Cette étude répondait à la demande du Conseil d'administration du Centre communal d'action sociale (CCAS) de la Ville. Elle s'inscrivait dans le cadre règlementaire de l'Analyse des Besoins Sociaux (ABS) comme thème prioritaire d'enquête sur le territoire communal. Elle avait pour but de quantifier la solitude et l’isolement relationnel sur la commune, d’apporter des éléments pour en comprendre les causes et construire un plan d’actions adapté.

Pour réaliser cette étude, le CCAS a obtenu l'autorisation de bénéficier des outils de traitement du Credoc (centre de recherche pour l'étude et l'observation des conditions de vie) mis en place pour l’étude nationale « Les solitudes en France », îlotée par la Fondation de France. Les résultats locaux obtenus peuvent ainsi également être comparés aux résultats nationaux.

Ainsi, un questionnaire a été proposé d'avril à juillet 2018 aux habitants de Saint-Médard-en-Jalles. Les retours, au nombre de 1194, ont été plus nombreux qu'escomptés. Les caractéristiques des répondants sont très proches de la composition de la population de Saint-Médard-en-Jalles. Grâce, à un léger redressement statistique, ils permettent de bénéficier d'une étude fiable.

La « pauvreté en relation » est la nouvelle misère de nos sociétés développées. 5 millions de Français en souffrent.

« L’isolement social est la situation dans laquelle se trouve la personne qui, du fait de relations durablement insuffisantes dans leur nombre ou leur qualité́, est en situation de souffrance et de danger. Les relations d’une qualité́ insuffisante sont celles qui produisent un déni de reconnaissance, un déficit de sécurité́ et une participation empêchée. Le risque de cette situation tient au fait que l’isolement prive de certaines ressources impératives pour se constituer en tant que personne et accéder aux soins élémentaires et à la vie sociale. » C’est la définition proposée par le Conseil économique, social et environnemental dans son avis « Combattre l’isolement social pour plus de cohésion et de fraternité » qui préconise notamment d’adopter une définition de l’isolement social et de doter les territoires des outils nécessaires à son observation et à sa compréhension.

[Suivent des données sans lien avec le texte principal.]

Lemma Rabs_int_pos_le_primitive g G x y : 0 < x -> x <= y ->
  (forall t, x <= t <= y -> derivable_pt_lim G t (g t)) ->
  (forall t, x <= t <= y -> Rabs (f t) <= g t) ->
  Rabs (int_pos x y) <= G y - G x.
Proof.
  intros hx hxy HG Hb.
  rewrite <- (RiemannInt_int_pos x y (integrable_pos x y hx ltac:(lra))) by lra.
  apply (Rabs_RiemannInt_le_primitive f g G); auto; intros t Ht; apply f_cont; lra.
Qed.

Lemma int_pos_cauchy_at0 A : (forall t, 0 < t -> t <= 1 -> Rabs (f t) <= A / sqrt t) ->
  forall x x', 0 < x -> x <= x' -> x' <= 1 ->
  Rabs (int_pos x 1 - int_pos x' 1) <= 2 * A * sqrt x'.
Proof.
  intros HA x x' hx hxx' hx1.
  replace (int_pos x 1 - int_pos x' 1) with (int_pos x x')
    by (rewrite <- (int_pos_chasles x x' 1) by lra; ring).
  eapply Rle_trans.
  - apply (Rabs_int_pos_le_primitive (fun t => A / sqrt t) (fun t => 2 * A * sqrt t)); auto.
    + intros t Ht; pose proof (sqrt_lt_R0 t ltac:(lra)).
      replace (A / sqrt t) with (2 * A * / (2 * sqrt t)) by (field; lra).
      apply (derivable_pt_lim_scal sqrt); apply derivable_pt_lim_sqrt; lra.
    + intros t Ht; apply HA; lra.
  - pose proof (sqrt_pos x); assert (0 <= A).
    { specialize (HA 1 ltac:(lra) ltac:(lra)); pose proof (Rabs_pos (f 1)).
      rewrite sqrt_1 in HA; lra. }
    nra.
Qed.

Lemma int_pos_cauchy_at_infty B : (forall t, 1 <= t -> Rabs (f t) <= B / (t * sqrt t)) ->
  forall x x', 0 < x -> x <= x' -> x' <= 1 ->
  Rabs (int_pos 1 (/ x) - int_pos 1 (/ x')) <= 2 * B * sqrt x'.
Proof.
  intros HB x x' hx hxx' hx1.
  assert (Hy : 1 <= / x') by (rewrite <- Rinv_1; apply Rinv_le_contravar; lra).
  assert (Hyy : / x' <= / x) by (apply Rinv_le_contravar; lra).
  replace (int_pos 1 (/ x) - int_pos 1 (/ x')) with (int_pos (/ x') (/ x))
    by (rewrite <- (int_pos_chasles 1 (/ x') (/ x)) by lra; ring).
  eapply Rle_trans.
  - apply (Rabs_int_pos_le_primitive (fun t => B / (t * sqrt t)) (fun t => - (2 * B) / sqrt t));
      [lra | auto | |].
    + intros t Ht; pose proof (sqrt_lt_R0 t ltac:(lra)); pose proof (sqrt_sqrt t ltac:(lra)).
      replace (B / (t * sqrt t)) with ((0 * sqrt t - / (2 * sqrt t) * (- (2 * B))) / Rsqr (sqrt t))
        by (unfold Rsqr; field_simplify_eq; [nra | lra]).
      apply (derivable_pt_lim_div (fun _ => - (2 * B)) sqrt);
        [apply derivable_pt_lim_const | apply derivable_pt_lim_sqrt | ]; lra.
    + intros t Ht; apply HB; lra.
  - assert (0 <= B).
    { specialize (HB 1 ltac:(lra)); pose proof (Rabs_pos (f 1)).
      rewrite sqrt_1, Rmult_1_l in HB; lra. }
    pose proof (sqrt_lt_R0 (/ x) ltac:(apply Rinv_0_lt_compat; lra)).
    assert (0 <= 2 * B / sqrt (/ x)) by (apply Rmult_le_pos; [lra | left; apply Rinv_0_lt_compat; lra]).
    rewrite !sqrt_inv; pose proof (sqrt_lt_R0 x' ltac:(lra)).
    replace (- (2 * B) / / sqrt x') with (- (2 * B * sqrt x')) by (field; lra).
    rewrite sqrt_inv in *; lra.
Qed.

End ContinuousIntegrand.

Lemma is_int_0_inf_of_bounds f A B : (forall t, 0 < t -> continuity_pt f t) ->
  (forall t, 0 < t -> t <= 1 -> Rabs (f t) <= A / sqrt t) ->
  (forall t, 1 <= t -> Rabs (f t) <= B / (t * sqrt t)) ->
  exists l, is_int_0_inf f l.
Proof.
  intros Hc H0 H1.
  destruct (ex_lim_right0_of_sqrt_modulus _ _ (int_pos_cauchy_at0 f Hc A H0)) as [L1 HL1].
  destruct (ex_lim_right0_of_sqrt_modulus _ _ (int_pos_cauchy_at_infty f Hc B H1)) as [L2 HL2].
  exists (L1 + L2); split.
  - intros x y hx hxy; constructor; exact (integrable_pos f Hc x y hx ltac:(lra)).
  - intros eps He.
    destruct (HL1 (eps / 2) ltac:(lra)) as [d1 [Hd1 P1]].
    destruct (HL2 (eps / 2) ltac:(lra)) as [d2 [Hd2 P2]].
    exists (Rmin d1 1); split; [apply Rmin_pos; lra|].
    exists (Rmax 1 (/ d2)); split; [apply Rlt_le_trans with 1; [lra | apply Rmax_l]|].
    intros x y pr hx hxd hyM.
    pose proof (Rmin_l d1 1); pose proof (Rmax_l 1 (/ d2)); pose proof (Rmax_r 1 (/ d2)).
    assert (Hy : 0 < / y) by (apply Rinv_0_lt_compat; lra).
    specialize (P1 x hx ltac:(lra)).
    specialize (P2 (/ y) Hy).
    rewrite Rinv_inv in P2.
    rewrite (RiemannInt_int_pos f Hc x y pr), <- (int_pos_chasles f Hc x 1 y) by lra.
    replace (int_pos f Hc x 1 + int_pos f Hc 1 y - (L1 + L2))
      with ((int_pos f Hc x 1 - L1) + (int_pos f Hc 1 y - L2)) by ring.
    eapply Rle_lt_trans; [apply Rabs_triang|].
    enough (Rabs (int_pos f Hc 1 y - L2) < eps / 2) by lra.
    apply P2; rewrite <- (Rinv_inv d2); apply Rinv_lt_contravar; [|lra].
    apply Rmult_lt_0_compat; [apply Rinv_0_lt_compat|]; lra.
Qed.

Lemma is_int_0_inf_unique f l1 l2 : is_int_0_inf f l1 -> is_int_0_inf f l2 -> l1 = l2.
Proof.
  intros [I1 H1] [_ H2].
  destruct (Req_dec l1 l2) as [|Hne]; auto; exfalso.
  set (e := Rabs (l1 - l2) / 2).
  assert (He : 0 < e) by (unfold e; pose proof (Rabs_pos_lt (l1 - l2) ltac:(lra)); lra).
  destruct (H1 e He) as [d1 [Hd1 [M1 [HM1 P1]]]].
  destruct (H2 e He) as [d2 [Hd2 [M2 [HM2 P2]]]].
  set (x := Rmin d1 d2 / 2); set (y := Rmax M1 M2 + x + 1).
  pose proof (Rmin_l d1 d2); pose proof (Rmin_r d1 d2); pose proof (Rmin_pos d1 d2 Hd1 Hd2).
  pose proof (Rmax_l M1 M2); pose proof (Rmax_r M1 M2).
  destruct (I1 x y ltac:(unfold x; lra) ltac:(unfold y, x; lra)) as [pr].
  specialize (P1 x y pr ltac:(unfold x; lra) ltac:(unfold x; lra) ltac:(unfold y, x; lra)).
  specialize (P2 x y pr ltac:(unfold x; lra) ltac:(unfold x; lra) ltac:(unfold y, x; lra)).
  assert (Rabs (l1 - l2) < 2 * e).
  { replace (l1 - l2) with (- (RiemannInt pr - l1) + (RiemannInt pr - l2)) by ring.
    eapply Rle_lt_trans; [apply Rabs_triang|]; rewrite Rabs_Ropp; lra. }
  unfold e in *; lra.
Qed.

Lemma Int0inf_eq f l : is_int_0_inf f l -> Int0inf f = l.
Proof.
  intros H; apply (is_int_0_inf_unique f); [|exact H].
  apply (epsilon_spec (inhabits 0) (is_int_0_inf f)); eauto.
Qed.

Lemma is_int_0_inf_Int0inf f l : is_int_0_inf f l -> is_int_0_inf f (Int0inf f).
Proof. intros H; rewrite (Int0inf_eq f l H); exact H. Qed.

Lemma is_int_0_inf_0 : is_int_0_inf (fun _ => 0) 0.
Proof.
  split.
  - intros x y _ _; constructor; apply RiemannInt_P14.
  - intros eps He; exists 1; split; [lra|]; exists 1; split; [lra|].
    intros x y pr _ _ _.
    assert (E : RiemannInt pr = 0).
    { pose proof (RiemannInt_P15 (RiemannInt_P14 x y 0)) as E; rewrite Rmult_0_l in E.
      rewrite <- E; apply (RiemannInt_P5 (f := fun _ => 0)). }
    rewrite E, Rminus_0_r, Rabs_R0; auto.
Qed.

Lemma is_int_0_inf_lin f g h c l1 l2 :
  is_int_0_inf f l1 -> is_int_0_inf g l2 ->
  (forall t, 0 < t -> h t = f t * c + g t) -> is_int_0_inf h (l1 * c + l2).
Proof.
  intros [If Hf] [Ig Hg] Hh.
  assert (Ih : forall x y, 0 < x -> x <= y -> Riemann_integrable f x y ->
            Riemann_integrable g x y -> Riemann_integrable h x y).
  { intros x y hx hxy pf pg.
    refine (@Riemann_integrable_ext (fun t => g t + c * f t) h x y _ (RiemannInt_P10 c pg pf)).
    intros t Ht; rewrite Hh; [ring|]; unfold Rmin in Ht; destruct (Rle_dec x y); lra. }
  split.
  - intros x y hx hxy; destruct (If x y hx hxy) as [pf]; destruct (Ig x y hx hxy) as [pg].
    constructor; auto.
  - intros eps He; set (e' := eps / (2 * (Rabs c + 1))).
    assert (He' : 0 < e') by (unfold e'; pose proof (Rabs_pos c); apply Rdiv_lt_0_compat; lra).
    destruct (Hf e' He') as [d1 [Hd1 [M1 [HM1 P1]]]].
    destruct (Hg (eps / 2) ltac:(lra)) as [d2 [Hd2 [M2 [HM2 P2]]]].
    exists (Rmin 1 (Rmin d1 d2)); split; [repeat apply Rmin_pos; lra|].
    exists (Rmax 1 (Rmax M1 M2)); split; [pose proof (Rmax_l 1 (Rmax M1 M2)); lra|].
    intros x y pr hx hxd hyM.
    pose proof (Rmin_l 1 (Rmin d1 d2)); pose proof (Rmin_r 1 (Rmin d1 d2)).
    pose proof (Rmin_l d1 d2); pose proof (Rmin_r d1 d2).
    pose proof (Rmax_l 1 (Rmax M1 M2)); pose proof (Rmax_r 1 (Rmax M1 M2)).
    pose proof (Rmax_l M1 M2); pose proof (Rmax_r M1 M2).
    assert (hxy : x <= y) by lra.
    destruct (If x y hx hxy) as [pf]; destruct (Ig x y hx hxy) as [pg].
    specialize (P1 x y pf hx ltac:(lra) ltac:(lra)); specialize (P2 x y pg hx ltac:(lra) ltac:(lra)).
    pose (p3 := RiemannInt_P10 c pg pf).
    rewrite (RiemannInt_P18 pr p3 hxy) by (intros t Ht; rewrite Hh by lra; ring).
    rewrite (RiemannInt_P13 pg pf p3).
    replace (RiemannInt pg + c * RiemannInt pf - (l1 * c + l2))
      with (c * (RiemannInt pf - l1) + (RiemannInt pg - l2)) by ring.
    eapply Rle_lt_trans; [apply Rabs_triang|]; rewrite Rabs_mult.
    assert (Rabs c * Rabs (RiemannInt pf - l1) <= Rabs c * e')
      by (apply Rmult_le_compat_l; [apply Rabs_pos | lra]).
    assert (Rabs c * e' < eps / 2).
    { unfold e'; pose proof (Rabs_pos c).
      apply Rmult_lt_reg_r with (2 * (Rabs c + 1)); [lra|]; field_simplify; lra. }
    lra.
Qed.

(* The integral over [x, y] with [x < 1 < 2 < y] is at most the integral over [1, 2],
   which is bounded away from 0 by the maximum of [f] on [1, 2]. *)
Lemma is_int_0_inf_neg f l : (forall t, 0 < t -> continuity_pt f t) ->
  is_int_0_inf f l -> (forall t, 0 < t -> f t < 0) -> l < 0.
Proof.
  intros Hc [I H] Hneg.
  destruct (continuity_ab_maj f 1 2) as [c [Hmax Hc12]]; [lra | intros; apply Hc; lra|].
  assert (Hfc : f c < 0) by (apply Hneg; lra).
  destruct (H (- f c / 2)) as [d [Hd [M [HM P]]]]; [lra|].
  set (x := Rmin d 1 / 2); set (y := Rmax M 2 + 1).
  pose proof (Rmin_l d 1); pose proof (Rmin_r d 1); pose proof (Rmin_pos d 1 Hd ltac:(lra)).
  pose proof (Rmax_l M 2); pose proof (Rmax_r M 2).
  assert (hx : 0 < x) by (unfold x; lra).
  destruct (I x y hx ltac:(unfold x, y; lra)) as [pr].
  specialize (P x y pr hx ltac:(unfold x; lra) ltac:(unfold y; lra)).
  rewrite (RiemannInt_int_pos f Hc x y pr) in P by (unfold y; lra).
  rewrite <- (int_pos_chasles f Hc x 2 y), <- (int_pos_chasles f Hc x 1 2) in P
    by (unfold y; lra).
  assert (int_pos f Hc x 1 <= 0 * (1 - x))
    by (apply int_pos_le_const; [lra | unfold x; lra | intros t Ht; left; apply Hneg; lra]).
  assert (int_pos f Hc 1 2 <= f c * (2 - 1))
    by (apply int_pos_le_const; [lra | lra | intros t Ht; apply Hmax; lra]).
  assert (int_pos f Hc 2 y <= 0 * (y - 2))
    by (apply int_pos_le_const; [lra | unfold y; lra | intros t Ht; left; apply Hneg; lra]).
  apply Rabs_def2 in P; lra.
Qed.

Lemma is_int_0_inf_pos f l : (forall t, 0 < t -> continuity_pt f t) ->
  is_int_0_inf f l -> (forall t, 0 < t -> 0 < f t) -> 0 < l.
Proof.
  intros Hc Hi Hpos.
  assert (Hn : is_int_0_inf (fun t => - f t) (l * (-1) + 0))
    by (apply (is_int_0_inf_lin f (fun _ => 0)); auto using is_int_0_inf_0; intros; ring).
  enough (l * (-1) + 0 < 0) by lra.
  apply (is_int_0_inf_neg (fun t => - f t)); auto.
  - intros t ht; apply continuity_pt_opp; auto.
  - intros t ht; specialize (Hpos t ht); lra.
Qed.

(** * The integrands *)

Lemma sqrt_pow t n : 0 <= t -> sqrt (t ^ n) = sqrt t ^ n.
Proof.
  intros Ht; induction n; simpl; [apply sqrt_1|].
  rewrite sqrt_mult_alt, IHn; auto.
Qed.

Lemma pow_sqrt_double t n : 0 <= t -> t ^ n = sqrt t ^ (2 * n).
Proof. intros Ht; rewrite pow_mult; simpl; rewrite Rmult_1_r, sqrt_sqrt; auto. Qed.

Lemma sqrt_ge_one x : 1 <= x -> 1 <= sqrt x.
Proof. intros H; rewrite <- sqrt_1; apply sqrt_le_1_alt; auto. Qed.

Lemma sqrt_le_one x : x <= 1 -> sqrt x <= 1.
Proof. intros H; rewrite <- sqrt_1; apply sqrt_le_1_alt; auto. Qed.

Lemma pow_le_one x n : 0 <= x <= 1 -> x ^ n <= 1.
Proof. intros Hx; rewrite <- (pow1 n); apply pow_incr; auto. Qed.

Lemma pow_div_pow_le_small p a b c : 0 < p <= 1 -> (b <= a + c)%nat ->
  p ^ a / p ^ b <= 1 / p ^ c.
Proof.
  intros Hp Hab; pose proof (pow_lt p b (proj1 Hp)); pose proof (pow_lt p c (proj1 Hp)).
  assert (p ^ (a + c) <= p ^ b).
  { replace (a + c)%nat with (b + (a + c - b))%nat by lia; rewrite pow_add.
    assert (p ^ (a + c - b) <= 1) by (apply pow_le_one; lra).
    nra. }
  rewrite pow_add in H1; apply Rmult_le_reg_r with (p ^ b * p ^ c); [nra|].
  replace (p ^ a / p ^ b * (p ^ b * p ^ c)) with (p ^ a * p ^ c) by (field; lra).
  replace (1 / p ^ c * (p ^ b * p ^ c)) with (p ^ b) by (field; lra); lra.
Qed.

Les résultats de l’étude à Saint-Médard

Les pratiques numériques

Les habitants de Saint-Médard ont un usage diversifié d'Internet.

Ils sont plus nombreux que la moyenne française à l'utiliser, surtout pour l'envoi et la réception de mails, mais également pour faire des achats ou des démarches administratives. Sur ces derniers points, les achats se font par Internet pour 71% des Saint-Médardais (contre 61% des Français) et les démarches administratives pour 79% (contre 67% sur l’ensemble de la France).

En revanche, l'utilisation des réseaux sociaux est comparable (58 et 59%).

10% des Saint-Médardais n'ont pas utilisé Internet dans les 3 derniers mois précédant l'enquête (12% sur le territoire national).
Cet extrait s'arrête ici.